Usually, yes.  If you fail partway through the file, you'll need to 
rollback the transaction so you can restart.  You could write something 
complicated to handle this situation, and it could be simpler if you 
created some sort of local "transaction_id" that was tied to the source 
file.  But for processing data files -- it's generally less headaches and 
less work if you do a transaction per file.

I don't remember how MySql handles memory, but there should be server and 
client maximums.  However, your concerns would be handled by the 
transaction log for your storage engine, which would be used for the 
rollbacks on a fail. The settings/log are different for each storage 
engine, but I think the default is around 256MB.

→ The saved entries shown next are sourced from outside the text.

(* Let $p$ be an odd prime and $q\in\mathbb C_p$ with $|1-q|_p<p^{-1/(p-1)}$. For $h\in\mathbb Z$, $n\in\mathbb Z_+$ and $r\in\mathbb N$, $$\int_{\mathbb Z_p}E_{n,q}^{(h,-r)}(x)\,d\mu_{-1}(x)=\frac{1}{2^r}\sum_{m=0}^r\frac{1}{[m]_q!}\sum_{k=0}^mq^{(h-r)m}S_1(m-1,k;q)(-1)^k[r]_q^{m-k}E_{n,q}(m)$$ $$=\frac{1}{2^r}\sum_{m=0}^r\frac{1}{[m]_q!}\sum_{k=0}^mq^{(h-r)m}S_1(m-1,k;q)(-1)^k[r]_q^{m-k}\cdot\frac{1}{(1-q)^n}\sum_{j=0}^n\sum_{l=0}^j\binom nj\binom jl(-1)^{j+l}(1-q)^lq^{mj}E_{l,q}.$$
   Context: For $x\in\mathbb Z_p$, $[x]_q=\frac{1-q^x}{1-q}$; $[m]_q!=[m]_q\cdots[1]_q$, $[0]_q!=1$. The fermionic $p$-adic integral is $\int_{\mathbb Z_p}f(x)\,d\mu_{-1}(x)=\lim_{N\to\infty}\sum_{x=0}^{p^N-1}f(x)(-1)^x$. $E_{n,q}=\int_{\mathbb Z_p}[y]_q^n\,d\mu_{-1}(y)$ and $E_{n,q}(x)=\int_{\mathbb Z_p}[x+y]_q^n\,d\mu_{-1}(y)$ are the $q$-Euler numbers and polynomials. The extended higher-order Nörlund type $q$-Euler polynomials are $E_{n,q}^{(h,-r)}(x)=\frac{1}{(1-q)^n}\sum_{l=0}^n\binom nl(-1)^l\frac{q^{lx}}{\int_{\mathbb Z_p}\cdots\int_{\mathbb Z_p}q^{l(x_1+\cdots+x_r)}q^{\sum_{j=1}^r(h-j)x_j}\,d\mu_{-1}(x_1)\cdots d\mu_{-1}(x_r)}$. The $q$-Stirling numbers of the first kind are defined by $\prod_{k=1}^N(1+[k]_qz)=\sum_{k\ge0}S_1(N,k;q)z^k$ for $N\ge-1$ (empty product $=1$; $S_1(N,k;q)=0$ for $k>N$; $S_1(-1,0;q)=1$). *)

From mathcomp Require Import all_boot all_order all_algebra.
From mathcomp Require Import boolp reals exp.
Set Implicit Arguments. Unset Strict Implicit. Unset Printing Implicit Defensive.
Import Order.TTheory GRing.Theory Num.Theory.
Local Open Scope ring_scope.

Section PadicDefs.
Variables (R : realType) (K : fieldType).

Record padic_abs (p : nat) (v : K -> R) : Prop := PadicAbs {
  pabs_eq0 : forall x, v x = 0 <-> x = 0;
  pabs_ge0 : forall x, 0 <= v x;
  pabs_mul : forall x y, v (x * y) = v x * v y;
  pabs_ultra : forall x y, v (x + y) <= Num.max (v x) (v y);
  pabs_p : v p%:R = (p%:R)^-1 }.

Definition pcvg (v : K -> R) (u : nat -> K) (l : K) : Prop :=
  forall eps : R, 0 < eps -> exists N : nat, forall m, (N <= m)%N -> v (u m - l) < eps.

Definition pcauchy (v : K -> R) (u : nat -> K) : Prop :=
  forall eps : R, 0 < eps -> exists N : nat,
    forall m k, (N <= m)%N -> (N <= k)%N -> v (u m - u k) < eps.

Definition pcomplete (v : K -> R) : Prop :=
  forall u, pcauchy v u -> exists l, pcvg v u l.

(* the limit (chosen classically when it exists; 0 otherwise) *)
Definition plim (v : K -> R) (u : nat -> K) : K :=
  match pselect (exists l, pcvg v u l) with
  | left e => proj1_sig (cid e)
  | right _ => 0
  end.

(* Fermionic p-adic integral:  lim_N sum_{x=0}^{p^N-1} f(x) (-1)^x.
   Only the values of f on the naturals enter the definition, so the
   integrand is given as a function nat -> K. *)
Definition fermionic (v : K -> R) (p : nat) (f : nat -> K) : K :=
  plim v (fun N => \sum_(x < p ^ N) f x * (-1) ^+ x).

(* r-fold iterated fermionic integral of F(x_1,...,x_r), F given on lists
   [:: x_1; ...; x_r]. *)
Fixpoint fermionic_multi (v : K -> R) (p : nat) (r : nat)
    (F : seq nat -> K) : K :=
  match r with
  | 0 => F [::]
  | r'.+1 => fermionic v p (fun x => fermionic_multi v p r' (fun xs => F (x :: xs)))
  end.

Definition qnum (q : K) (x : nat) : K := (1 - q ^+ x) / (1 - q).
Definition qfact (q : K) (m : nat) : K := \prod_(1 <= k < m.+1) qnum q k.

Definition qEuler (v : K -> R) (p : nat) (q : K) (n : nat) : K :=
  fermionic v p (fun y => qnum q y ^+ n).
Definition qEulerPoly (v : K -> R) (p : nat) (q : K) (n : nat) (x : nat) : K :=
  fermionic v p (fun y => qnum q (x + y) ^+ n).

Definition norlund_qEuler (v : K -> R) (p : nat) (q : K) (h : int) (r n : nat)
    (x : nat) : K :=
  ((1 - q) ^+ n)^-1 *
  \sum_(l < n.+1) ('C(n, l))%:R * (-1) ^+ l * q ^+ (l * x) /
     fermionic_multi v p r (fun xs =>
        q ^+ (l * sumn xs) *
        \prod_(j < r) q ^ ((h - (j.+1)%:Z) * (nth 0%N xs j)%:Z)).

(* q-Stirling numbers of the first kind S_1(N,k;q), N >= -1:
   prod_{k=1}^N (1 + [k]_q z) = sum_k S_1(N,k;q) z^k  (empty product for N = -1). *)
Definition qStirling1 (q : K) (N : int) (k : nat) : K :=
  match N with
  | Posz N' => (\prod_(1 <= i < N'.+1) (1 + qnum q i *: 'X))`_k
  | Negz _ => (k == 0%N)%:R
  end.

End PadicDefs.

From mathcomp Require Import all_boot all_order all_algebra.
From mathcomp Require Import boolp reals exp.
From mathcomp Require Import ring zify.
Import Order.TTheory GRing.Theory Num.Theory.
Local Open Scope ring_scope.
Set Implicit Arguments. Unset Strict Implicit. Unset Printing Implicit Defensive.

(* If |c - 1|^(p-1) < 1/p then the fermionic integral of x |-> c^x is 2/(1 + c):
   since p^N is odd, the partial sum over x < p^N is (1 + c^(p^N))/(1 + c), and
   |c^(p^N) - 1| = |c - 1|/p^N because p divides C(p,k) for 0 < k < p.  The same
   estimate shows that q is not a root of unity, so [k]_q <> 0.  Every integrand of
   the theorem is a combination of such exponentials with c = q^a, so both sides have
   closed forms.  The iterated integral in the Norlund polynomial is a product of
   values 2/(1 + c) whose reciprocal is 2^-r prod_(j<r) (1 + z q^j), z = q^(h-r+l).
   On the other side the generating function of the q-Stirling numbers turns the
   inner sum into q^((h-r)m) prod_(i<m) ([r]_q - [i]_q), and the q-binomial theorem
   sum_m prod_(i<m) ([r]_q - [i]_q) z^m / [m]_q! = prod_(j<r) (1 + z q^j) matches
   the two.  The second equality is binomial inversion of E_(n,q)(m) in terms of
   the q-Euler numbers E_(l,q). *)

Lemma exprD1n_sub1 (K : comPzRingType) (t : K) n :
  (t + 1) ^+ n.+2 - 1 =
    n.+2%:R * t + ((\sum_(i < n) t ^+ i.+2 *+ 'C(n.+2, i.+2)) + t ^+ n.+2).
Proof.
rewrite exprD1n big_ord_recl big_ord_recl big_ord_recr /= bin0 bin1 binn.
by rewrite expr0 expr1 !mulr1n mulr_natl; ring.
Qed.

Lemma sum_alt_expr_odd (K : fieldType) (c : K) M : odd M -> 1 + c != 0 ->
  \sum_(x < M) c ^+ x * (-1) ^+ x = (1 + c ^+ M) / (1 + c).
Proof.
move=> M_odd c1_neq0; apply: (mulIf c1_neq0); rewrite divfK //.
have geom := subrX1 (- c) M.
rewrite exprNn -signr_odd M_odd expr1 in geom.
rewrite (eq_bigr (fun x : 'I_M => c ^+ x * (-1) ^+ x)) in geom; last first.
  by move=> x _; rewrite mulrC -exprNn.
rewrite [LHS](_ : _ = - ((- c - 1) * \sum_(x < M) c ^+ x * (-1) ^+ x)); last by ring.
by rewrite -geom; ring.
Qed.

Lemma subzSS (a : int) (j : nat) : a - (j.+2)%:Z = a - 1 - (j.+1)%:Z.
Proof. by rewrite -addn1 PoszD; ring. Qed.

Section NonArchimedean.
Variables (R : realType) (K : fieldType) (v : K -> R) (p : nat).
Hypothesis Hv : padic_abs p v.

Let pabs_ge0 := pabs_ge0 Hv.
Let pabsM := pabs_mul Hv.

Lemma pabs0 : v 0 = 0. Proof. exact/(pabs_eq0 Hv). Qed.

Lemma pabs_eq0E x : (v x == 0) = (x == 0).
Proof. by apply/eqP/eqP => [/(pabs_eq0 Hv)|->]; last exact: pabs0. Qed.

Lemma pabs_gt0 x : (0 < v x) = (x != 0).
Proof. by rewrite lt_def pabs_eq0E pabs_ge0 andbT. Qed.

Lemma pabs1 : v 1 = 1.
Proof.
have v1_neq0 : v 1 != 0 by rewrite pabs_eq0E oner_eq0.
by apply: (mulfI v1_neq0); rewrite -pabsM !mulr1.
Qed.

Lemma pabsX x k : v (x ^+ k) = v x ^+ k.
Proof. by elim: k => [|k IH]; rewrite ?pabs1 // !exprS pabsM IH. Qed.

Lemma pabsN x : v (- x) = v x.
Proof.
have vN1 : v (-1) = 1.
  apply/eqP; rewrite -(eqrXn2 (ltn0Sn 1)) ?pabs_ge0 //.
  by rewrite -pabsX sqrrN !expr1n pabs1.
by rewrite -mulN1r pabsM vN1 mul1r.
Qed.

Lemma pabsV x : v x^-1 = (v x)^-1.
Proof.
have [->|x_neq0] := eqVneq x 0; first by rewrite invr0 pabs0 invr0.
apply: (mulfI (_ : v x != 0)); first by rewrite pabs_eq0E.
by rewrite -pabsM !mulfV ?pabs1 ?pabs_eq0E.
Qed.

Lemma pabsD_le x y B : v x <= B -> v y <= B -> v (x + y) <= B.
Proof. by move=> vx vy; apply: le_trans (pabs_ultra Hv x y) _; rewrite ge_max vx vy. Qed.

Lemma pabsD_lt x y B : v x < B -> v y < B -> v (x + y) < B.
Proof. by move=> vx vy; apply: le_lt_trans (pabs_ultra Hv x y) _; rewrite gt_max vx vy. Qed.

Lemma pabsD_eq x y : v y < v x -> v (x + y) = v x.
Proof.
move=> vyx; apply/eqP; rewrite eq_le pabsD_le ?(ltW vyx) //=.
rewrite leNgt; apply/negP => vxy_lt.
have vNy : v (- y) < v x by rewrite pabsN.
by have := pabsD_lt vxy_lt vNy; rewrite addrK ltxx.
Qed.

Lemma pabs_sum_le (I : Type) (s : seq I) (P : pred I) (F : I -> K) B :
  0 <= B -> (forall i, P i -> v (F i) <= B) -> v (\sum_(i <- s | P i) F i) <= B.
Proof.
by move=> B_ge0 vF; elim/big_ind: _ => //; [rewrite pabs0 | move=> x y; apply: pabsD_le].
Qed.

Lemma pabs_sum_lt (I : Type) (s : seq I) (P : pred I) (F : I -> K) B :
  0 < B -> (forall i, P i -> v (F i) < B) -> v (\sum_(i <- s | P i) F i) < B.
Proof.
by move=> B_gt0 vF; elim/big_ind: _ => //; [rewrite pabs0 | move=> x y; apply: pabsD_lt].
Qed.

Lemma pabs_nat_le1 n : v n%:R <= 1.
Proof. by elim: n => [|n IH]; rewrite ?pabs0 // -addn1 natrD pabsD_le ?pabs1. Qed.

Lemma pabs_mulrn_le x n : v (x *+ n) <= v x.
Proof. by rewrite -mulr_natl pabsM ler_piMl ?pabs_nat_le1. Qed.

Lemma pabs_le1_sub1 y : v (y - 1) <= 1 -> v y <= 1.
Proof. by move=> vy; rewrite -(subrK 1 y) pabsD_le ?pabs1. Qed.

Lemma pabs_expX_sub1 y k : v (y - 1) <= 1 -> v (y ^+ k - 1) <= v (y - 1).
Proof.
move=> vy; rewrite subrX1 pabsM ler_piMr //.
apply: pabs_sum_le => // i _.
by rewrite pabsX exprn_ile1 // pabs_le1_sub1.
Qed.

Hypothesis p_prime : prime p.

Lemma pabs_lt1_p : v p%:R < 1.
Proof. by rewrite (pabs_p Hv) invf_lt1 ?ltr1n ?prime_gt1 ?ltr0n ?prime_gt0. Qed.

Lemma pabs_coprime u : coprime p u -> v u%:R = 1.
Proof.
move=> co_pu; apply/eqP; rewrite eq_le pabs_nat_le1 leNgt; apply/negP => vu_lt1.
have [a _] := Bezoutl u (prime_gt0 p_prime).
rewrite (eqP co_pu) => /dvdnP[w Bezout].
have : v (w%:R * p%:R - a%:R * u%:R) < 1.
  apply: pabsD_lt; rewrite ?pabsN pabsM.
    by apply: le_lt_trans pabs_lt1_p; rewrite ler_piMl ?pabs_nat_le1.
  by apply: le_lt_trans vu_lt1; rewrite ler_piMl ?pabs_nat_le1.
by rewrite -!natrM -Bezout natrD addrK pabs1 ltxx.
Qed.

Lemma pabs_mulr_binom x k : (0 < k < p)%N -> v (x *+ 'C(p, k)) <= v x / p%:R.
Proof.
move=> k_range; have /dvdnP[m ->] := prime_dvd_bin p_prime k_range.
rewrite mulrnA -(mulr_natl (x *+ m) p) pabsM (pabs_p Hv) mulrC.
by rewrite ler_pM2r ?pabs_mulrn_le // invr_gt0 ltr0n prime_gt0.
Qed.

End NonArchimedean.

Section FermionicIntegral.
Variables (R : realType) (K : fieldType) (v : K -> R) (p : nat).
Hypothesis Hv : padic_abs p v.

Let pabs0 := pabs0 Hv.
Let pabsN := pabsN Hv.
Let pabsD_lt := pabsD_lt Hv.

Lemma pcvg_unique u a b : pcvg v u a -> pcvg v u b -> a = b.
Proof.
move=> ua ub; apply/eqP; rewrite -subr_eq0 -(pabs_eq0E Hv); apply: contraT => ab_neq0.
have eps_gt0 : 0 < v (a - b) by rewrite lt_def ab_neq0 (pabs_ge0 Hv).
have [Na una] := ua _ eps_gt0; have [Nb unb] := ub _ eps_gt0.
set m := maxn Na Nb.
have vuma : v (- (u m - a)) < v (a - b) by rewrite pabsN una ?leq_maxl.
have := pabsD_lt (unb m (leq_maxr _ _)) vuma.
by rewrite (_ : _ + _ = a - b) ?ltxx //; ring.
Qed.

Lemma plimE u l : pcvg v u l -> plim v u = l.
Proof.
rewrite /plim => ul; case: pselect => [ex|]; last by case; exists l.
by case: (cid ex) => l' /= /pcvg_unique; apply.
Qed.

Definition fermionic_sum (f : nat -> K) (N : nat) : K :=
  \sum_(x < p ^ N) f x * (-1) ^+ x.

Definition fermionic_cvg (f : nat -> K) (L : K) : Prop := pcvg v (fermionic_sum f) L.

Lemma fermionicE f L : fermionic_cvg f L -> fermionic v p f = L.
Proof. exact: plimE. Qed.

Lemma eq_fermionic_cvg f g L : f =1 g -> fermionic_cvg f L -> fermionic_cvg g L.
Proof. by move=> /funext ->. Qed.

Lemma fermionic_cvgD f g a b :
  fermionic_cvg f a -> fermionic_cvg g b -> fermionic_cvg (fun x => f x + g x) (a + b).
Proof.
move=> fa gb eps eps_gt0; have [Nf hf] := fa _ eps_gt0; have [Ng hg] := gb _ eps_gt0.
exists (maxn Nf Ng) => m; rewrite geq_max => /andP[mNf mNg].
have sumD : fermionic_sum (fun x => f x + g x) m = fermionic_sum f m + fermionic_sum g m.
  by rewrite /fermionic_sum -big_split; apply: eq_bigr => x _; rewrite mulrDl.
by rewrite sumD opprD addrACA pabsD_lt ?hf ?hg.
Qed.

Lemma fermionic_cvgZ c f a : fermionic_cvg f a -> fermionic_cvg (fun x => c * f x) (c * a).
Proof.
move=> fa eps eps_gt0; have [->|c_neq0] := eqVneq c 0.
  exists 0%N => m _; rewrite /fermionic_sum big1 ?mul0r ?subrr ?pabs0 // => x _.
  by rewrite !mul0r.
have vc_gt0 : 0 < v c by rewrite (pabs_gt0 Hv).
have [N hN] := fa _ (divr_gt0 eps_gt0 vc_gt0); exists N => m mN.
have -> : fermionic_sum (fun x => c * f x) m - c * a = c * (fermionic_sum f m - a).
  by rewrite mulrBr /fermionic_sum mulr_sumr; congr (_ - _); apply: eq_bigr => x _; rewrite mulrA.
by rewrite (pabs_mul Hv) -ltr_pdivlMl // mulrC hN.
Qed.

Lemma fermionic_cvg_sum n (F : 'I_n -> nat -> K) (a : 'I_n -> K) :
  (forall i, fermionic_cvg (F i) (a i)) ->
  fermionic_cvg (fun x => \sum_(i < n) F i x) (\sum_(i < n) a i).
Proof.
elim: n F a => [|n IH] F a Fa.
  move=> eps eps_gt0; exists 0%N => m _; rewrite big_ord0 subr0 /fermionic_sum big1 ?pabs0 //.
  by move=> x _; rewrite big_ord0 mul0r.
rewrite big_ord_recr /=.
apply: (@eq_fermionic_cvg (fun x => \sum_(i < n) F (widen_ord (leqnSn n) i) x + F ord_max x)).
  by move=> x; rewrite big_ord_recr.
by apply: fermionic_cvgD; [apply: IH | apply: Fa].
Qed.

End FermionicIntegral.

Section Disc.
Variables (R : realType) (K : fieldType) (v : K -> R) (p : nat) (d : R).
Hypothesis Hv : padic_abs p v.
Hypothesis p_prime : prime p.
Hypothesis p_odd : odd p.
Hypothesis d_ge0 : 0 <= d.
Hypothesis small_d : d ^+ p.-1 < p%:R^-1.

Let pabs0 := pabs0 Hv.
Let pabsX := pabsX Hv.
Let pabs_ge0 := pabs_ge0 Hv.
Let pabs_eq0E := pabs_eq0E Hv.
Let pabsD_eq := pabsD_eq Hv.
Let pabsD_lt := pabsD_lt Hv.
Let pabs_sum_le := pabs_sum_le Hv.
Let pabs_sum_lt := pabs_sum_lt Hv.
Let pabs_mulr_binom := pabs_mulr_binom Hv p_prime.

Let p_gt0 : (0 < p%:R :> R). Proof. by rewrite ltr0n prime_gt0. Qed.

On the Python side, if you use the SqlAlchemy ORM, that will use a lot more 
memory than if you just use the SqlAlchemy Engine -- as a Python object 
will be created for every entry, and then flushed to the database.  If you 
just use the Engine to write, it will be relatively lightweight as no 
Python objects will be created/maintained.

If you want to minimize io, there are a few things you can do off the top 
of my head:

- pre-process the Excel file in Python; then use that data with SqlAlchemy 
(I do this often)
- use the SqlAlchemy Engine instead of the ORM (minimize reads and writes)

But at the end of the day, your proposed solution will likely be messy and 
require a lot of work.  By storing a single entry with year-to-date 
metrics, you'll have a few problems:

• must fetch one or more entries for every operation (you always need the 
current month, and will need the last month 1/4 times)
• you need to ensure that every entry you edit is the latest entry, if it's 
not you'll need to fetch and recalculate all the successive entries.